▸ What to produce
Nothing outside the stretch is wanted. Repeat exactly the lines of the listing below from the one that contains "x) -> exists a, card_is P a." through the one that contains "destruct (Hex b", both ends included.

▸ Data extracts
Lemma ln_block_bound (a b M n : nat) : (1 <= a)%nat -> (1 <= b)%nat -> (1 <= M)%nat ->
  (a <= M * b ^ (n / M + 2))%nat ->
  ln (INR a) <= INR n * (ln (INR b) / INR M) + (ln (INR M) + 2 * ln (INR b)).
Proof.
  intros Ha Hb HM Hab.
  assert (HMpos : 0 < INR M) by (apply lt_0_INR; lia).
  assert (Hbpos : 0 < INR b) by (apply lt_0_INR; lia).
  assert (Hlnb : 0 <= ln (INR b)) by (apply ln_INR_ge0; auto).
  assert (Hq : INR (n / M) * INR M <= INR n).
  { rewrite <- mult_INR. apply le_INR. rewrite Nat.mul_comm. apply Nat.Div0.mul_div_le. }
  eapply Rle_trans; [apply ln_le_compat; [apply lt_0_INR; lia | apply le_INR, Hab]|].
  rewrite mult_INR, pow_INR, ln_mult, ln_pow, plus_INR by (auto; apply pow_lt; auto).
  set (t := ln (INR b) / INR M).
  assert (Ht : 0 <= t) by (apply Rmult_le_pos; auto; apply Rlt_le, Rinv_0_lt_compat; auto).
  replace (ln (INR b)) with (t * INR M) by (unfold t; field; lra).
  replace (INR 2) with 2 by (simpl; lra). nra.
Qed.

Local Open Scope nat_scope.

Lemma card_is_le_length {A} (P : A -> Prop) a l :
  card_is P a -> (forall x, P x -> In x l) -> a <= length l.
Proof. intros [L [ND [<- HL]]] Hl. apply NoDup_incl_length; auto. intros x Hx. apply Hl, HL, Hx. Qed.

Lemma card_is_le {A} (P Q : A -> Prop) a b :
  card_is P a -> card_is Q b -> (forall x, P x -> Q x) -> a <= b.
Proof. intros HP [L [_ [<- HL]]] HPQ. apply (card_is_le_length _ _ _ HP). intros x Hx. apply HL, HPQ, Hx. Qed.

Lemma card_is_ge1 {A} (P : A -> Prop) a x : P x -> card_is P a -> 1 <= a.
Proof. intros Px [L [_ [<- HL]]]. apply HL in Px. destruct L; simpl in *; [contradiction | lia]. Qed.

Lemma card_is_ex {A} (P : A -> Prop) l : (forall x, P x -> In x l) -> exists a, card_is P a.
Proof.
  intros Hl.
  set (inP := fun x => if excluded_middle_informative (P x) then true else false).
  set (L := filter inP (nodup (fun x y => excluded_middle_informative (x = y)) l)).
  exists (length L), L. split; [|split; [reflexivity|]].
  - apply NoDup_filter, NoDup_nodup.
  - intro x. unfold L, inP. rewrite filter_In, nodup_In.
    destruct (excluded_middle_informative (P x)); split; intuition; discriminate.
Qed.

Lemma card_is_sub_ex {A} (P Q : A -> Prop) b :
  card_is Q b -> (forall x, P x -> Q x) -> exists a, card_is P a.
Proof. intros [L [_ [_ HL]]] HPQ. apply (card_is_ex _ L). intros x Hx. apply HL, HPQ, Hx. Qed.

Lemma NoDup_length_le_rel {A B} (R : A -> B -> Prop) (La : list A) (Lb : list B) :
  NoDup La -> (forall a, In a La -> exists b, In b Lb /\ R a b) ->
  (forall a a' b, R a b -> R a' b -> a = a') -> length La <= length Lb.
Proof.
  intros ND Hex Huniq.
  set (back := fun b => match excluded_middle_informative (exists a, R a b) with
    | left H => Some (proj1_sig (constructive_indefinite_description _ H)) | right _ => None end).
  rewrite <- (length_map Some La), <- (length_map back Lb).
  apply NoDup_incl_length.
  - apply NoDup_map_NoDup_ForallPairs; [intros x y _ _ E; now injection E | exact ND].
  - intros o Ho. apply in_map_iff in Ho as [a [<- Ha]]. destruct (Hex a Ha) as [b [Hb Rab]].
    apply in_map_iff. exists b. split; auto. unfold back.
    destruct (excluded_middle_informative _) as [H | H]; [|exfalso; eauto].
    destruct (constructive_indefinite_description _ H) as [a' Ra'b]; simpl. f_equal. eauto.
Qed.

Lemma list_choice {A B} (R : A -> B -> Prop) (l : list A) :
  (forall a, In a l -> exists b, R a b) ->
  exists l', length l' = length l /\ forall a, In a l -> exists b, In b l' /\ R a b.
Proof.
  induction l as [|a l IH]; intros Hex.
  - exists []. split; [reflexivity | intros _ []].
  - destruct IH as [l' [Hlen Hl']]; [intros; apply Hex; now right|].
    destruct (Hex a (or_introl eq_refl)) as [b Rab]. exists (b :: l'). split; [simpl; auto|].
    intros a' [<- | Ha']; [exists b; simpl; auto|]. destruct (Hl' a' Ha') as [b' [? ?]]. exists b'; simpl; auto.
Qed.

Lemma list_uniform_bound {A} (Q : A -> nat -> Prop) (l : list A) :
  (forall a K K', K <= K' -> Q a K -> Q a K') -> (forall a, In a l -> exists K, Q a K) ->
  exists K, forall a, In a l -> Q a K.
Proof.
  intros Hmono. induction l as [|b l IH]; intros Hex.
  - exists 0. intros a [].
  - destruct IH as [K1 HK1]; [intros; apply Hex; now right|].
    destruct (Hex b (or_introl eq_refl)) as [K2 HK2]. exists (K1 + K2).
    intros a [<- | Ha]; [apply (Hmono _ K2) | apply (Hmono _ K1)]; auto; lia.
Qed.

Lemma dependent_choice_list {A} (G : list A -> Prop) :
  G [] -> (forall w, G w -> exists a, G (w ++ [a])) ->
  exists s : nat -> A, forall n, G (map s (seq 0 n)).
Proof.
  intros G0 Gstep.
  assert (step : forall w : {w | G w}, {a | G (proj1_sig w ++ [a])}).
  { intros [w Hw]. apply constructive_indefinite_description, Gstep, Hw. }
  set (next := fun w => exist G (proj1_sig w ++ [proj1_sig (step w)]) (proj2_sig (step w))).
  set (prefix := fun n => Nat.iter n next (exist G [] G0)).
  exists (fun i => proj1_sig (step (prefix i))). intro n.
  enough (E : map (fun i => proj1_sig (step (prefix i))) (seq 0 n) = proj1_sig (prefix n))
    by (rewrite E; apply proj2_sig).
  induction n as [|n IH]; [reflexivity|]. rewrite seq_S, map_app, IH. reflexivity.
Qed.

▸ Answer area
  card_is Q b -> (forall x, P x -> Q x) -> exists a, card_is P a.
Proof. intros [L [_ [_ HL]]] HPQ. apply (card_is_ex _ L). intros x Hx. apply HL, HPQ, Hx. Qed.

Lemma NoDup_length_le_rel {A B} (R : A -> B -> Prop) (La : list A) (Lb : list B) :
  NoDup La -> (forall a, In a La -> exists b, In b Lb /\ R a b) ->
  (forall a a' b, R a b -> R a' b -> a = a') -> length La <= length Lb.
Proof.
  intros ND Hex Huniq.
  set (back := fun b => match excluded_middle_informative (exists a, R a b) with
    | left H => Some (proj1_sig (constructive_indefinite_description _ H)) | right _ => None end).
  rewrite <- (length_map Some La), <- (length_map back Lb).
  apply NoDup_incl_length.
  - apply NoDup_map_NoDup_ForallPairs; [intros x y _ _ E; now injection E | exact ND].
  - intros o Ho. apply in_map_iff in Ho as [a [<- Ha]]. destruct (Hex a Ha) as [b [Hb Rab]].
    apply in_map_iff. exists b. split; auto. unfold back.
    destruct (excluded_middle_informative _) as [H | H]; [|exfalso; eauto].
    destruct (constructive_indefinite_description _ H) as [a' Ra'b]; simpl. f_equal. eauto.
Qed.

Lemma list_choice {A B} (R : A -> B -> Prop) (l : list A) :
  (forall a, In a l -> exists b, R a b) ->
  exists l', length l' = length l /\ forall a, In a l -> exists b, In b l' /\ R a b.
Proof.
  induction l as [|a l IH]; intros Hex.
  - exists []. split; [reflexivity | intros _ []].
  - destruct IH as [l' [Hlen Hl']]; [intros; apply Hex; now right|].
    destruct (Hex a (or_introl eq_refl)) as [b Rab]. exists (b :: l'). split; [simpl; auto|].
    intros a' [<- | Ha']; [exists b; simpl; auto|]. destruct (Hl' a' Ha') as [b' [? ?]]. exists b'; simpl; auto.
Qed.

Lemma list_uniform_bound {A} (Q : A -> nat -> Prop) (l : list A) :
  (forall a K K', K <= K' -> Q a K -> Q a K') -> (forall a, In a l -> exists K, Q a K) ->
  exists K, forall a, In a l -> Q a K.
Proof.
  intros Hmono. induction l as [|b l IH]; intros Hex.
  - exists 0. intros a [].
  - destruct IH as [K1 HK1]; [intros; apply Hex; now right|].
    destruct (Hex b (or_introl eq_refl)) as [K2 HK2]. exists (K1 + K2).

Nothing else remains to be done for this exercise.